Technical information
- ERP: 32787 watts
- HAAT: 32 m
- Transmitter coordinates: 35°16′32″S 149°5′52″E﻿ / ﻿35.27556°S 149.09778°E

Links
- Website: Official website

= 2XX FM =

Radio station in Canberra, Australia

2XX FM (call sign: 1XXR) is a community radio station, broadcasting on the FM band in Canberra, Australia.

2XX FM is one of Australia's longest running community broadcasters. It took over the operation of the former Australian National University student radio station in July 1976, broadcasting as 2XX on 1010 kHz AM from two studios at the Drill Hall Gallery in Acton. It was originally scheduled to launch in February 1976, but was delayed indefinitely until July 1976 because of a technical problem. It moved to 1008 kHz AM in 1978. A third studio, completed in 1985, was fitted out as a multitrack recording studio for local bands to make independent recordings and give live-to-air performances.

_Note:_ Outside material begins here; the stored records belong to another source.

(* Let $\Phi_{\mathbf 0}(\xi,w,z)$ and $\Phi(\xi,w)=\int_\xi^\infty\int_{-1}^1\Phi_{\mathbf 0}(\eta,w,z)\,dz\,d\eta$ be as defined in the context, and put $u=\xi(1-|w|)$. Then, as $\xi\to\infty$, uniformly in $w\in(-1,1)$, \[ \Phi(\xi,w)=\frac{3}{2\pi^2}(1-u)^2\xi^{-1}+O(\xi^{-2})\quad\text{if } u\in[0,1), \] and $\Phi(\xi,w)=0$ otherwise.
   Context: For $\xi>0$ and $w,z\in(-1,1)$, $\Phi_{\mathbf 0}(\xi,w,z)=\frac{6}{\pi^2}\Upsilon\Bigl(1+\frac{\xi^{-1}-\max(|w|,|z|)-1}{|w+z|}\Bigr)$ if $w+z\neq0$; $\Phi_{\mathbf 0}(\xi,w,z)=0$ if $w+z=0$ and $\xi^{-1}<1+|w|$; $\Phi_{\mathbf 0}(\xi,w,z)=\frac{6}{\pi^2}$ if $w+z=0$ and $\xi^{-1}\ge1+|w|$. Here $\Upsilon(x)=0$ for $x\le0$, $\Upsilon(x)=x$ for $0<x<1$, $\Upsilon(x)=1$ for $x\ge1$. *)

From HB Require Import structures.
From mathcomp Require Import all_boot all_order all_algebra.
From mathcomp Require Import all_classical all_reals all_analysis.
Set Implicit Arguments. Unset Strict Implicit. Unset Printing Implicit Defensive.
Import Order.TTheory GRing.Theory Num.Theory.
Local Open Scope classical_set_scope.
Local Open Scope ring_scope.

Definition Upsilon {R : realType} (x : R) : R :=
  if x <= 0 then 0 else if x < 1 then x else 1.

Definition Phi0 {R : realType} (xi w z : R) : R :=
  if w + z != 0 then
    6 / pi ^+ 2 * Upsilon (1 + (xi^-1 - Num.max `|w| `|z| - 1) / `|w + z|)
  else if xi^-1 < 1 + `|w| then 0 else 6 / pi ^+ 2.

Definition Phi {R : realType} (xi w : R) : \bar R :=
  (\int[lebesgue_measure]_(eta in `[xi, +oo[%classic)
     (\int[lebesgue_measure]_(z in `](-1)%R, 1%R[%classic) (Phi0 eta w z)%:E))%E.

From HB Require Import structures.
From mathcomp Require Import all_boot all_order all_algebra.
From mathcomp Require Import all_classical all_reals all_analysis.
From mathcomp Require Import ring lra measurable_realfun.
Set Implicit Arguments. Unset Strict Implicit. Unset Printing Implicit Defensive.
Import Order.TTheory GRing.Theory Num.Theory numFieldNormedType.Exports.
Local Open Scope classical_set_scope.
Local Open Scope ring_scope.

(* Put e = 1/eta and a = 1 - |w|.  For e <= 1/2,
   Phi0(eta, w, z) = (6/pi^2) r(z) / |w + z| with r = (|w + z| - max(|w|, |z|) + e - 1)_+,
   and wherever r > 0 one has 2 - 2e <= |w + z| < 2, so Phi0 lies between
   (3/pi^2) r and (1 + 2e)(3/pi^2) r.  The function r is piecewise affine in z with
   integral J = (e^2 - a^2)_+ / 2 over (-1, 1), and the integral of J over
   eta in [xi, oo) is (1 - u)_+^2 / (2 xi).  Hence Phi(xi, w) lies between the leading
   term L = 3 (1 - u)_+^2 / (2 pi^2 xi) and (1 + 2/xi) L, which gives both claims. *)

Section integration_tools.
Variable R : realType.
Local Notation mu := (@lebesgue_measure R).

(* Monotonicity needs no measurability here: a nonnegative integral is a
   supremum over the simple functions below the integrand. *)
Lemma ge0_le_integral_nonmeasurable (D : set R) (f g : R -> \bar R) :
  (forall x, D x -> 0 <= f x)%E -> (forall x, D x -> f x <= g x)%E ->
  (\int[mu]_(x in D) f x <= \int[mu]_(x in D) g x)%E.
Proof.
move=> f0 fg.
have g0 x : D x -> (0 <= g x)%E by move=> Dx; exact: le_trans (f0 _ Dx) (fg _ Dx).
rewrite ge0_integralE // ge0_integralE //.
apply: ereal_sup_le => _ [h /= hf <-]; exists h => //= x.
apply: le_trans (hf x) _; rewrite /patch; case: ifP => // /set_mem; exact: fg.
Qed.

Lemma integral_cinfty_cc (f : R -> \bar R) (p q : R) :
  (forall x, q < x -> f x = 0%E) ->
  (\int[mu]_(x in `[p, +oo[) f x = \int[mu]_(x in `[p, q]) f x)%E.
Proof.
move=> f0; rewrite integral_mkcond [RHS]integral_mkcond; congr (integral _ _ _).
apply/funext => x; rewrite /patch.
have [xq|xq] := leP x q; last by rewrite f0 //; do 2 case: ifP.
suff -> : (x \in `[p, +oo[%classic) = (x \in `[p, q]%classic) by [].
by apply/idP/idP => /set_mem; rewrite /= !in_itv /= ?xq ?andbT => ?;
  apply/mem_set; rewrite /= in_itv /= ?xq ?andbT.
Qed.

Lemma integral_cc_split (f : R -> \bar R) (p m q : R) : p <= m -> m <= q ->
  measurable_fun `[p, q]%classic f ->
  (\int[mu]_(x in `[p, q]) f x =
   \int[mu]_(x in `[p, m]) f x + \int[mu]_(x in `[m, q]) f x)%E.
Proof.
move=> pm mq mf.
have pmq : `[p, q]%classic = `[p, m]%classic `|` `]m, q]%classic :> set R.
  by apply: itv_bndbnd_setU; rewrite bnd_simp.
rewrite pmq integral_setU //; last 2 first.
- by rewrite -pmq.
- rewrite disj_set2E; apply/eqP/seteqP; split => x //=.
  by rewrite !in_itv /= => -[/andP[_ xm] /andP[mx _]]; move: (lt_le_trans mx xm); rewrite ltxx.
rewrite integral_itv_obnd_cbnd //.
by apply: measurable_funS mf => //; rewrite pmq; exact: subsetUr.
Qed.

Lemma integral_cc_is_derive (f F : R -> R) (p q : R) : p <= q ->
  (forall x, p <= x <= q -> is_derive x 1 F (f x)) ->
  (forall x, p <= x <= q -> derivable f x 1) ->
  (\int[mu]_(x in `[p, q]) (f x)%:E = (F q - F p)%:E)%E.
Proof.
rewrite le_eqVlt => /predU1P[<- _ _|pq dF df].
  by rewrite set_itv1 integral_set1 subrr.
have cF x : p <= x <= q -> {for x, continuous F}.
  move=> /dF dFx; apply: differentiable_continuous; apply/derivable1_diffP.
  by have [] := dFx.
apply: continuous_FTC2 => //.
- apply: continuous_subspace_itv => x; rewrite in_itv/= => /df dfx.
  by apply: differentiable_continuous; apply/derivable1_diffP.
- split.
  + move=> x; rewrite in_itv/= => /andP[px xq].
    by have [] := dF x; rewrite ?ltW ?px ?xq.
  + by apply: cvg_at_right_filter; apply: cF; rewrite lexx ltW.
  + by apply: cvg_at_left_filter; apply: cF; rewrite lexx ltW.
- move=> x; rewrite in_itv/= => /andP[px xq].
  have dFx : is_derive x 1 F (f x) by apply: dF; rewrite !ltW.
  by rewrite derive1E derive_val.
Qed.

Lemma integral_cc_affine (p q al be : R) : p <= q ->
  (\int[mu]_(x in `[p, q]) (al * x + be)%:E =
   (al * (q ^+ 2 - p ^+ 2) / 2 + be * (q - p))%:E)%E.
Proof.
move=> pq.
have dF x : p <= x <= q ->
    is_derive x 1 (fun x => al * x ^+ 2 / 2 + be * x) (al * x + be).
  by move=> _; apply: is_derive_eq; rewrite /GRing.scale /=; field.
rewrite (integral_cc_is_derive pq dF) //.
by congr (_%:E); field.
Qed.

Lemma integral_cc_invsqr (p q A B : R) : 0 < p -> p <= q ->
  (\int[mu]_(x in `[p, q]) (A * x ^- 2 + B)%:E =
   (A * (p^-1 - q^-1) + B * (q - p))%:E)%E.
Proof.
move=> p0 pq; have x0 x : p <= x -> x != 0 by move=> px; rewrite gt_eqF // (lt_le_trans p0 px).
have dF x : p <= x <= q ->
    is_derive x 1 (fun x => - A * x^-1 + B * x) (A * x ^- 2 + B).
  move=> /andP[/x0 xn0 _]; have := @is_deriveV R (fun x => x) x 1 1 xn0.
  by move=> dV; apply: is_derive_eq; rewrite /GRing.scale /=; field.
rewrite (integral_cc_is_derive pq dF); last first.
  move=> x /andP[/x0 xn0 _]; have x2 : x ^+ 2 != 0 by rewrite expf_neq0.
  by apply: derivableD => //; apply: derivableM.
by congr (_%:E); field; rewrite !x0.
Qed.

Lemma integral_oo_piecewise_affine (g : R -> R) (p1 p2 a1 b1 a2 b2 a3 b3 : R) :
  -1 <= p1 -> p1 <= p2 -> p2 <= 1 -> measurable_fun setT g ->
  (forall x, -1 <= x <= p1 -> g x = a1 * x + b1) ->
  (forall x, p1 <= x <= p2 -> g x = a2 * x + b2) ->
  (forall x, p2 <= x <= 1 -> g x = a3 * x + b3) ->
  (\int[mu]_(x in `](-1)%R, 1%R[) (g x)%:E =
   (a1 * (p1 ^+ 2 - 1) / 2 + b1 * (p1 + 1) + (a2 * (p2 ^+ 2 - p1 ^+ 2) / 2 + b2 * (p2 - p1))
    + (a3 * (1 - p2 ^+ 2) / 2 + b3 * (1 - p2)))%:E)%E.
Proof.
move=> h1 h12 h2 mg g1 g2 g3.
have mgD D : measurable_fun D (EFin \o g).
  by apply: measurable_funS (_ : measurable_fun setT _) => //; exact/measurable_EFinP.
have piece p q a b : p <= q -> (forall x, p <= x <= q -> g x = a * x + b) ->
    (\int[mu]_(x in `[p, q]) (g x)%:E = (a * (q ^+ 2 - p ^+ 2) / 2 + b * (q - p))%:E)%E.
  move=> pq gE; rewrite -integral_cc_affine //; apply: eq_integral => x.
  by rewrite inE /= in_itv /= => /gE ->.
rewrite -(@integral_itv_bndoo _ _ _ _ true false) ?mgD //.
rewrite (@integral_cc_split _ _ p1 _ h1 (le_trans h12 h2)) ?mgD //.
rewrite (@integral_cc_split _ p1 p2 _ h12 h2) ?mgD //.
rewrite (piece _ _ _ _ h1 g1) (piece _ _ _ _ h12 g2) (piece _ _ _ _ h2 g3) -!EFinD.
by congr (_%:E); rewrite sqrrN expr1n; ring.
Qed.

In 2000 the station moved into converted studios at the Griffin Centre in Civic and changed the broadcast frequency to 98.3 MHz FM. The callsign was changed to 1XXR, but the station still identifies as "2XX" to this day.

In 2005 the station moved into purpose-built premises in the New Griffin Centre in Civic. The premises include office space and three studios. Two are broadcasting studios, one primary and one for back-up. The latter is used, together with the third studio, for editing and pre-recording.

2XX FM hosts specialty music, talk, opinion and ethnic programmes run by well over a hundred individuals and community organisations. The core focus is on the local community through Canberran current affairs and community service programs, local music, and a range of multicultural programs in first languages as well as some in English. It also takes some programming from the Community Broadcasting Association of Australia Digital Delivery Network.

Prominent personalities that hosted shows on 2XX include Peter Garrett, Sue Maslin, Jonathan Green and Helen Razer.